▶ GIVEN RECORDS:
(* Let $m \ge 1$ be an integer and let $c : [-1,1] \to \mathbb{R}$ be continuous with $c^{-1}(1) = \{-1, 0, 1\}$ and such that $\theta \mapsto \theta\, c(\theta)$ is strictly increasing on $[-1,1]$. Let $[a,b]$ be an angular interval with $0 < b - a < 2\pi$, split into $m$ equal consecutive subintervals $[a_{i-1}, a_i]$, $i = 1,\dots,m$ ($a_0 = a$, $a_m = b$), and let $\varphi_i : [a_{i-1}, a_i] \to [-1,1]$ be the increasing affine bijection. Define $F : \mathbb{R}^2 \to \mathbb{R}^2$ by $F(o) = o$ and, in the polar coordinates described below, $$F(\theta, r) = \big(\varphi_i^{-1}(\varphi_i(\theta)\, c(\varphi_i(\theta))),\; r + 1 - 2\varphi_i(\theta)^2\big) \quad\text{if } \theta \in [a_{i-1}, a_i],$$ and $F(\theta, r) = (\theta, r - 1)$ if $\theta \notin [a,b]$. Then $o$ is an isolated fixed point of every iterate $F^n$, and: (1) if $c([-1,1]) \subset [1/2, 1]$, then $i(F^n, o) = 1 - m$ for every $n \ge 1$; (2) if $c([-1,1]) \subset [1, 2]$, then $i(F^n, o) = 1 + m$ for every $n \ge 1$. In particular (case $m=1$) the corresponding maps have indices $i(F^n,o)=0$ for all $n$ in case (1) and $i(F^n,o)=2$ for all $n$ in case (2).
   Context: Polar coordinates on $\mathbb{R}^2\setminus\{o\}$ ($o$ the origin): a point is written $(\theta, r)$ with $\theta \in (-\pi,\pi]$ an angle and $r \in \mathbb{R}$, corresponding to $e^{r}(\cos\theta, \sin\theta)$; thus the origin corresponds to $r = -\infty$. $i(g,o)$ denotes the fixed point index of $g$ at the isolated fixed point $o$ (degree of $x \mapsto (x-g(x))/\|x-g(x)\|$ on a small circle around $o$). *)

From Stdlib Require Import Reals Lra Lia ZArith.
Open Scope R_scope.

Definition pt := (R * R)%type.
Definition origin : pt := (0, 0).
Definition vnorm (p : pt) : R := sqrt (fst p * fst p + snd p * snd p).
Definition vsub (p q : pt) : pt := (fst p - fst q, snd p - snd q).
Definition vscal (s : R) (p : pt) : pt := (s * fst p, s * snd p).

Definition polar (theta r : R) : pt := (exp r * cos theta, exp r * sin theta).

Definition cont_on (f : R -> R) (lo hi : R) : Prop :=
  forall x, lo <= x <= hi -> forall eps, eps > 0 ->
    exists delta, delta > 0 /\
      forall y, lo <= y <= hi -> Rabs (y - x) < delta -> Rabs (f y - f x) < eps.

Definition loop_degree (u : R -> pt) (k : Z) : Prop :=
  exists th : R -> R, continuity th /\
    (forall t, 0 <= t <= 1 -> u t = (cos (th t), sin (th t))) /\
    th 1 - th 0 = 2 * PI * IZR k.

Definition circ (rho t : R) : pt := (rho * cos (2 * PI * t), rho * sin (2 * PI * t)).
Lemma law_densE (f : R -> X -> R) (lam : R) d
    (U : 'I_d -> R) (o : obs X d) :
  law_dens f lam U o = \prod_(i < d)
    (poisson_weight lam (size (o i)) * \prod_(x <- o i) f (U i) x).
Proof. by []. Qed.

Section Mixture.
Variables (f : R -> X -> R) (lam : R) (s d : nat).
Variables (th : 'I_s -> 'I_d -> R) (U0 : 'I_d -> R).
Hypotheses (lam_gt0 : 0 < lam) (f_U0_gt0 : forall i x, 0 < f (U0 i) x).

Local Notation ratio k k' i x := (f (th k i) x * f (th k' i) x / f (U0 i) x).
Local Notation seq_dens m t :=
  (poisson_weight lam (size t) * \prod_(x <- t) f m x).

Lemma unif_mix_sq_div o :
  unif_mix (@law_dens R X f lam d) th o ^+ 2 / law_dens f lam U0 o
  = \sum_(p : 'I_s * 'I_s) s%:R^-2 * \prod_(i < d)
      (poisson_weight lam (size (o i)) * \prod_(x <- o i) ratio p.1 p.2 i x).
Proof.
have coord k k' i t :
    poisson_weight lam (size t) * \prod_(x <- t) ratio k k' i x
    = seq_dens (th k i) t * seq_dens (th k' i) t / seq_dens (U0 i) t.
  have w_neq0 : poisson_weight lam (size t) != 0.
    by rewrite gt_eqF ?poisson_weight_gt0.
  have f_neq0 : \prod_(x <- t) f (U0 i) x != 0 by rewrite gt_eqF ?prodr_gt0.
  by rewrite big_split prodfV big_split /=; field; rewrite w_neq0 f_neq0.
under eq_bigr do under eq_bigr do rewrite coord.
rewrite -mulr_sumr -(pair_bigA _ (fun k k' => \prod_(i < d)
  (seq_dens (th k i) (o i) * seq_dens (th k' i) (o i)
   / seq_dens (U0 i) (o i)))) /=.
under eq_bigr do under eq_bigr do rewrite big_split big_split prodfV /=.
under eq_bigr do rewrite -mulr_suml.
under eq_bigr do rewrite -mulr_sumr.
rewrite -!mulr_suml /unif_mix law_densE.
rewrite (eq_bigr _ (fun k _ => law_densE f lam (th k) o)).
by rewrite exprMn exprVn -expr2 -mulrA.
Qed.

Variable c : 'I_s -> 'I_s -> 'I_d -> R.
Hypothesis ratio_c :
  forall k k' i, integrates (fun x => ratio k k' i x) (c k k' i).

Lemma chi2_unif_mix :
  chi2 J (unif_mix (@law_dens R X f lam d) th) (law_dens f lam U0)
  = ((s%:R^-2 * \sum_(p : 'I_s * 'I_s)
        \prod_(i < d) expR (lam * (c p.1 p.2 i - 1)))%:E - 1)%E.
Proof.
rewrite /chi2; under eq_fun do rewrite unif_mix_sq_div.
have ratio_ge0 p i x : 0 <= ratio p.1 p.2 i x.
  by case: (integrates_ge0 (ratio_c p.1 p.2 i)).
rewrite (intobs_sum_prod (H := fun p i t =>
    poisson_weight lam (size t) * \prod_(x <- t) ratio p.1 p.2 i x)
  (S := fun p i => expR (lam * (c p.1 p.2 i - 1)))) ?mulr_sumr //
  => [p i t|i a a_ge0].
- by rewrite mulr_ge0 ?prodr_ge0 // ltW ?poisson_weight_gt0.
- by apply: intseq_sum_poisson => //; exact: ltW.
Qed.

End Mixture.

Lemma chi2_unif_mix_thetak (f : R -> X -> R) (c : R -> R) (r s : nat)
    (lam delta : R) :
  (0 < r)%N -> (0 < s)%N -> 0 < lam -> (forall x, 0 < f (1 / 2) x) -> c 0 = 1 ->
  (forall (k k' : 'I_s) (i : 'I_(r * s)), integrates
     (fun x => f (thetak delta k i) x * f (thetak delta k' i) x / f (1 / 2) x)
     (c ((thetak delta k i - 1 / 2) * (thetak delta k' i - 1 / 2)))) ->
  chi2 J (unif_mix (@law_dens R X f lam (r * s)) (@thetak R r s delta))
         (law_dens f lam (@theta0 R (r * s)))
  = ((expR (lam * r%:R * (c (delta ^+ 2) - 1)) - 1) / s%:R)%:E.
Proof.
move=> r_gt0 s_gt0 lam_gt0 f_gt0 c0 ratio_c.
rewrite (chi2_unif_mix (U0 := @theta0 R (r * s)) lam_gt0 (fun _ => f_gt0)
  ratio_c).
by rewrite sum_pairs_thetak // -EFinB addrAC subrr add0r.
Qed.

End ProductIntegrals.

Section Gaussian.
Variable R : realType.

Definition leb_integrates (phi : R -> R) (c : R) : Prop :=
  [/\ forall x, 0 <= phi x, 0 <= c, measurable_fun setT phi &
      leb_int (fun x => (phi x)%:E) = c%:E].

Lemma leb_integrates_ge0 phi c :
  leb_integrates phi c -> (forall x, 0 <= phi x) /\ 0 <= c.
Proof. by case. Qed.

Lemma leb_int_sum (I : finType) (a : I -> R) (phi : I -> R -> R)
    (c : I -> R) :
  (forall j, leb_integrates (phi j) (c j)) -> (forall j, 0 <= a j) ->
  leb_int (fun x => (\sum_j a j * phi j x)%:E) = (\sum_j a j * c j)%:E.
Proof.
move=> phi_c a_ge0; rewrite /leb_int.
under eq_integral do rewrite -sumEFin.
rewrite ge0_integral_sum // => [|j|j x _]; last 2 first.
- by apply/measurable_EFinP/measurable_funM => //; case: (phi_c j).
- by rewrite lee_fin mulr_ge0 //; case: (phi_c j).
rewrite -sumEFin; apply: eq_bigr => j _.
case: (phi_c j) => phi_ge0 _ phi_mes phi_int.
under eq_integral do rewrite EFinM.
rewrite ge0_integralZl_EFin // => [|x _|]; last 2 first.
- by rewrite lee_fin.
- exact/measurable_EFinP.
by move: phi_int; rewrite /leb_int => ->; rewrite EFinM.
Qed.
(* Nor can it miss h: translates of a_1, a_2 and of b_1, b_2 lie in M, so
   b_3 = [a_1, a_2] and a_3 = -[b_1, b_2] do, and then h = -[a_3, b_3].
   (This half holds in every characteristic.) *)
Lemma lower_modular_h_in (M : {vspace psl3 F}) :
  maximal_in br M fullv -> lower_modular br M -> h \in M.
Proof.
move=> maxM lmM; apply/contraT => hM; have [subM _ _ _ _] := maxM.
have shiftM := shift maxM lmM hM.
have N1_neq0 : (-1 : F) != 0 by rewrite oppr_eq0 oner_eq0.
have [c1 a1M] := shiftM _ _ ad_h_a1 (oner_neq0 _) a1_neq0.
have [c2 a2M] := shiftM _ _ ad_h_a2 (oner_neq0 _) a2_neq0.
have [d1 b1M] := shiftM _ _ ad_h_b1 N1_neq0 b1_neq0.
have [d2 b2M] := shiftM _ _ ad_h_b2 N1_neq0 b2_neq0.
have b3M : b3 \in M by rewrite -br_a1_a2 (bracket_in subM ad_h_a1 ad_h_a2 a1M a2M).
have a3M : a3 \in M.
  by rewrite -rpredN -br_b1_b2 (bracket_in subM ad_h_b1 ad_h_b2 b1M b2M).
by rewrite -(negPf hM) -rpredN -br_a3_b3 subM.
Qed.

End Psl3Basis.

Theorem proposition2p5 (F : fieldType) (char3 : 3%N \in [pchar F])
    (M : {vspace psl3 F}) :
  maximal_in (@psl3_br F) M fullv -> ~ semi_modular (@psl3_br F) M.
Proof.
move=> maxM [_ lmM].
by have := lower_modular_h_out char3 maxM lmM; rewrite (lower_modular_h_in maxM lmM).
Qed.
Lemma bicomm_star n (A X : 'M[C]_n) :
  bicomm r A X -> bicomm r (mxstar A) (mxstar X).
Proof.
move=> [hX cX]; split=> [|Y hY hYA]; first exact: mxF_star.
have hYA' : mxstar Y *m A = A *m mxstar Y.
  by rewrite -[A]mxstarK; apply: mxstar_comm.
by rewrite -[Y]mxstarK; apply/mxstar_comm/cX => //; exact: mxF_star.
Qed.

Lemma bicomm_starK n (A X : 'M[C]_n) :
  bicomm r (mxstar A) X -> bicomm r A (mxstar X).
Proof. by move=> /bicomm_star; rewrite mxstarK. Qed.

Lemma bicomm_refl n (A : 'M[C]_n) : mxF r A -> bicomm r A A.
Proof. by move=> hA; split=> // Y _ ->. Qed.

Lemma bicomm_mul n (A X Z : 'M[C]_n) :
  bicomm r A X -> bicomm r A Z -> bicomm r A (X *m Z).
Proof.
move=> [hX cX] [hZ cZ]; split; first exact: mxF_mul.
by move=> Y hY hYA; rewrite -mulmxA cZ // !mulmxA cX.
Qed.

End ScalarField.

Section Dimension.
Variables (C : numClosedFieldType) (r : bool).

Lemma map_mxM_real (f : {additive C -> C}) m p (u : 'rV[C]_m) (T : 'M[C]_(m, p)) :
  {in Num.real, forall x, {morph f : z / z * x}} -> mxF true T ->
  map_mx f (u *m T) = map_mx f u *m T.
Proof.
move=> fM hT; apply/rowP=> j; rewrite !mxE raddf_sum.
by apply: eq_bigr => k _; rewrite mxE fM //; apply: hT.
Qed.

Lemma mxF_free_unitmx m (T : 'M[C]_m) :
  mxF r T -> (forall v : 'rV_m, mxF r v -> v *m T = 0 -> v = 0) -> T \in unitmx.
Proof.
(* Over the reals, the real and imaginary parts of a complex kernel vector of T
   are real kernel vectors of T. *)
move=> hT hfree; rewrite unitmxE unitfE; apply/negP => /det0P [u /negP u_neq0 uT0].
apply: u_neq0; apply/eqP; case: r hT hfree => hT hfree; last exact: hfree.
have partT0 (f : {additive C -> C}) : {in Num.real, forall x, {morph f : z / z * x}} ->
    (forall z, f z \is Num.real) -> map_mx f u = 0.
  move=> fM freal; apply: hfree => [i j|]; first by rewrite mxE /inF freal.
  by rewrite -map_mxM_real // uT0 map_mx0.
have /rowP reu := partT0 _ (@ReMr C) (@Creal_Re C).
have /rowP imu := partT0 _ (@ImMr C) (@Creal_Im C).
apply/rowP=> k; have := reu k; have := imu k.
by rewrite [u 0 k]Crect !mxE => -> ->; rewrite mulr0 addr0.
Qed.
Lemma dist_to_fin x Y : (exists b, Y b) ->
  dist_to x Y = Rbar.Finite (real (dist_to x Y)) /\ 0 <= real (dist_to x Y) <= 1.
Proof.
move=> [b hb]; have [hlb hg] := Glb_Rbar_correct (fun s => exists b, Y b /\ s = dbar x b).
have h1 : Rbar_le (dist_to x Y) (Rbar.Finite 1).
  apply: (Rbar_le_trans _ _ _ (hlb (dbar x b) (ex_intro _ b (conj hb erefl)))).
  by have := dbar_bounds x b; rewrite /=; lra.
have h0 : Rbar_le (Rbar.Finite 0) (dist_to x Y).
  by apply: hg => s [b' [_ ->]]; have := dbar_bounds x b'; rewrite /=; lra.
by case: (dist_to x Y) h0 h1.
Qed.

Lemma dist_to_le x Y b : Y b -> real (dist_to x Y) <= dbar x b.
Proof.
move=> hb; have [hf _] := dist_to_fin x (ex_intro _ b hb).
have [hlb _] := Glb_Rbar_correct (fun s => exists b, Y b /\ s = dbar x b).
by have := hlb (dbar x b) (ex_intro _ b (conj hb erefl)); rewrite -/(dist_to x Y) hf.
Qed.

Lemma dist_to_lt x Y c : (exists b, Y b) -> real (dist_to x Y) < c ->
  exists b, Y b /\ dbar x b < c.
Proof.
move=> hne hlt; apply: NNPP => hno.
have [hf _] := dist_to_fin x hne.
have [_ hg] := Glb_Rbar_correct (fun s => exists b, Y b /\ s = dbar x b).
have : Rbar_le (Rbar.Finite c) (dist_to x Y).
  apply: hg => s [b [hb ->]] /=; apply: Rnot_lt_le => hh; apply: hno; by exists b.
by rewrite hf /=; lra.
Qed.

Lemma sup_inf_fin X Y : (exists a, X a) -> (exists b, Y b) ->
  dbar_sup_inf X Y = Rbar.Finite (real (dbar_sup_inf X Y)) /\
  0 <= real (dbar_sup_inf X Y) <= 1.
Proof.
move=> [a ha] hY.
have [hub hl] := Lub_Rbar_correct (fun r => exists a, X a /\ r = real (dist_to a Y)).
have h0 : Rbar_le (Rbar.Finite 0) (dbar_sup_inf X Y).
  apply: (Rbar_le_trans _ _ _ _ (hub _ (ex_intro _ a (conj ha erefl)))).
  by have := (dist_to_fin a hY).2; rewrite /=; lra.
have h1 : Rbar_le (dbar_sup_inf X Y) (Rbar.Finite 1).
  by apply: hl => r [a' [_ ->]] /=; have := (dist_to_fin a' hY).2; lra.
by case: (dbar_sup_inf X Y) h0 h1.
Qed.

Lemma sup_inf_ge X Y a : X a -> (exists b, Y b) ->
  real (dist_to a Y) <= real (dbar_sup_inf X Y).
Proof.
move=> ha hY; have [hf _] := sup_inf_fin (ex_intro _ a ha) hY.
have [hub _] := Lub_Rbar_correct (fun r => exists a, X a /\ r = real (dist_to a Y)).
by have := hub _ (ex_intro _ a (conj ha erefl)); rewrite -/(dbar_sup_inf X Y) hf.
Qed.

Lemma sup_inf_le X Y c : (exists a, X a) -> (exists b, Y b) ->
  (forall a, X a -> real (dist_to a Y) <= c) -> real (dbar_sup_inf X Y) <= c.
Proof.
move=> hX hY h; have [hf _] := sup_inf_fin hX hY.
have [_ hl] := Lub_Rbar_correct (fun r => exists a, X a /\ r = real (dist_to a Y)).
have : Rbar_le (dbar_sup_inf X Y) (Rbar.Finite c) by apply: hl => r [a [ha ->]]; apply: h.
by rewrite hf.
Qed.

Lemma dbarH_sym X Y : dbarH X Y = dbarH Y X.
Proof. by rewrite /dbarH Rmax_comm. Qed.

Lemma dbarH_ge0 X Y : (exists a, X a) -> (exists b, Y b) -> 0 <= dbarH X Y.
Proof.
move=> hX hY; have := (sup_inf_fin hX hY).2.
by rewrite /dbarH => h; apply: Rle_trans (Rmax_l _ _); lra.
Qed.

Lemma dbarH_close X Y y c : (exists a, X a) -> Y y -> dbarH X Y < c ->
  exists x, X x /\ dbar y x < c.
Proof.
move=> hX hy hH; apply: dist_to_lt => //.
by apply: Rle_lt_trans hH; apply: Rle_trans (Rmax_r _ _); exact: sup_inf_ge.
Qed.

Lemma dbarH_le X Y c : (exists a, X a) -> (exists b, Y b) ->
  (forall a, X a -> exists b, Y b /\ dbar a b <= c) ->
  (forall b, Y b -> exists a, X a /\ dbar b a <= c) ->
  dbarH X Y <= c.
Proof.
move=> hX hY h1 h2; apply: Rmax_lub; apply: sup_inf_le => // a ha.
  by have [b [hb hle]] := h1 a ha; apply: Rle_trans hle; exact: dist_to_le.
by have [b [hb hle]] := h2 a ha; apply: Rle_trans hle; exact: dist_to_le.
Qed.

End HausdorffDbar.

(* (iii) implies (i): the Markov approximations beyond the chain mixing
   threshold form the required sequence of mixing sofic shifts. *)
Lemma iii_to_i (A : finType) (X : seqA A -> Prop) : shift_space X ->
  chain_mixing X /\ dbar_approachable X ->
  exists Xs : nat -> (seqA A -> Prop),
      (forall n, sofic_shift (Xs n) /\ top_mixing (Xs n)) /\
      (forall n x, Xs n.+1 x -> Xs n x) /\
      (forall x, X x <-> forall n, Xs n x) /\
      is_lim_seq (fun n => dbarH X (Xs n)) (Rbar.Finite R0).
Proof.
move=> sX [[N hmix] happ].
exists (fun n => markov_approx X (n + N)); split; [|split; [|split]].
- by move=> n; split; [exact: markov_sofic | apply: hmix; lia].
- by move=> n x; rewrite addSn; apply: markov_desc.
- move=> x; rewrite X_inter_markov //; split => h n; first exact: h.
  by apply: (@descending_le _ (markov_approx X) n (n + N)) => //; [exact: markov_desc | lia].
- by have := proj1 (is_lim_seq_incr_n _ N _) happ; apply: is_lim_seq_ext => n; rewrite dbarH_sym.
Qed.
Lemma fin_uniform_bound (T : finType) (Q : T -> nat -> Prop) :
  (forall t N N', (N <= N')%N -> Q t N -> Q t N') ->
  (forall t, exists N, Q t N) -> exists K, forall t, Q t K.
Proof.
move=> hmono h.
pose f t := proj1_sig (constructive_indefinite_description _ (h t)).
have hf t : Q t (f t) by rewrite /f; case: constructive_indefinite_description.
by exists (\max_t f t) => t; apply: hmono (hf t); exact: leq_bigmax.
Qed.

Lemma fin_pigeonhole (T : finType) (P : nat -> T -> Prop) :
  (forall k, exists a, P k a) -> (forall k k' a, (k' <= k)%N -> P k a -> P k' a) ->
  exists a, forall k, P k a.
Proof.
move=> hex hmono; apply: NNPP => hno.
have h a : exists k, ~ P k a.
  by apply: NNPP => hk; apply: hno; exists a => k; apply: NNPP => hk'; apply: hk; exists k.
have [K hK] := @fin_uniform_bound T (fun a N => ~ P N a)
  (fun a N N' hNN' hN hP => hN (hmono _ _ _ hNN' hP)) h.
by have [a ha] := hex K; exact: hK a ha.
Qed.

Section Preimages.
Variable A : finType.
Implicit Types (X Y : seqA A -> Prop) (x : seqA A) (w : seq A).

Definition consA (c : A) x : seqA A := fun k => if k is k'.+1 then x k' else c.

Lemma shift_consA c x : shift (consA c x) = x.
Proof. by apply: functional_extensionality. Qed.

Lemma word_consA c x k : word (consA c x) 0 k.+1 = c :: word x 0 k.
Proof. by rewrite word_S; congr (_ :: _); apply: word_ext. Qed.

Lemma mixing_left_extension Y w : shift_space Y -> top_mixing Y -> inL Y w ->
  exists c, inL Y (c :: w).
Proof.
move=> sY hm hw; have [M hM] := hm [::] w (inL_nil sY.1) hw.
have [[|c0 s] [//= _ hvw]] := hM M.+1 (leqnSn M).
exists (last c0 s); move: hvw; rewrite /= -cat_cons lastI -cats1 -catA cat1s.
exact: inL_cat_r.
Qed.

(* Hence every point of a mixing shift space has a preimage under the shift;
   the extending letter is found by pigeonhole and closedness. *)
Lemma mixing_preimage Y x : shift_space Y -> top_mixing Y -> Y x ->
  exists c, Y (consA c x).
Proof.
move=> sY hm hx.
have hmono k k' a : (k' <= k)%N -> inL Y (a :: word x 0 k) -> inL Y (a :: word x 0 k').
  move=> hkk'; rewrite (_ : k = k' + (k - k'))%N; last by lia.
  by rewrite word_cat -cat_cons => /inL_cat_l.
have [c hc] := @fin_pigeonhole A (fun k c => inL Y (c :: word x 0 k))
   (fun k => mixing_left_extension sY hm (inL_word 0%N k hx)) hmono.
exists c; have [_ [cY _]] := sY; apply: cY => -[|k]; first by have [y hy] := sY.1; exists y.
have [y [hy hw]] := inL_point sY (hc k); exists y; split => // i hi.
move: hw; rewrite /= size_word -word_consA => /word_eq_nth /(_ i hi).
by rewrite !add0n.
Qed.

(* The intersection of a descending sequence of mixing shift spaces is
   mapped onto itself by the shift (pigeonhole on the preimage letter). *)
Lemma inter_mixing_onto X (Xs : nat -> seqA A -> Prop) :
  shift_space X ->
  (forall n, shift_space (Xs n) /\ top_mixing (Xs n)) ->
  (forall n x, Xs n.+1 x -> Xs n x) ->
  (forall x, X x <-> forall n, Xs n x) ->
  forall x, X x <-> exists y, X y /\ shift y = x.
Proof.
move=> sX hs hdesc hX x; split; last by move=> [y [hy <-]]; have [_ [_ hsh]] := sX; apply: hsh.
move=> hx.
have hpre n : exists c, Xs n (consA c x).
  by have [sY hmix] := hs n; apply: mixing_preimage => //; move: hx; rewrite hX.
have [c hc] := @fin_pigeonhole A (fun n c => Xs n (consA c x)) hpre
  (fun k k' a hle => descending_le hdesc hle).
by exists (consA c x); split; [rewrite hX | exact: shift_consA].
Qed.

▶ WHAT THIS TASK INVOLVES: Check how many lines in the entries contain "hpre", and reply with that number alone.

▶ YOUR RESPONSE: 2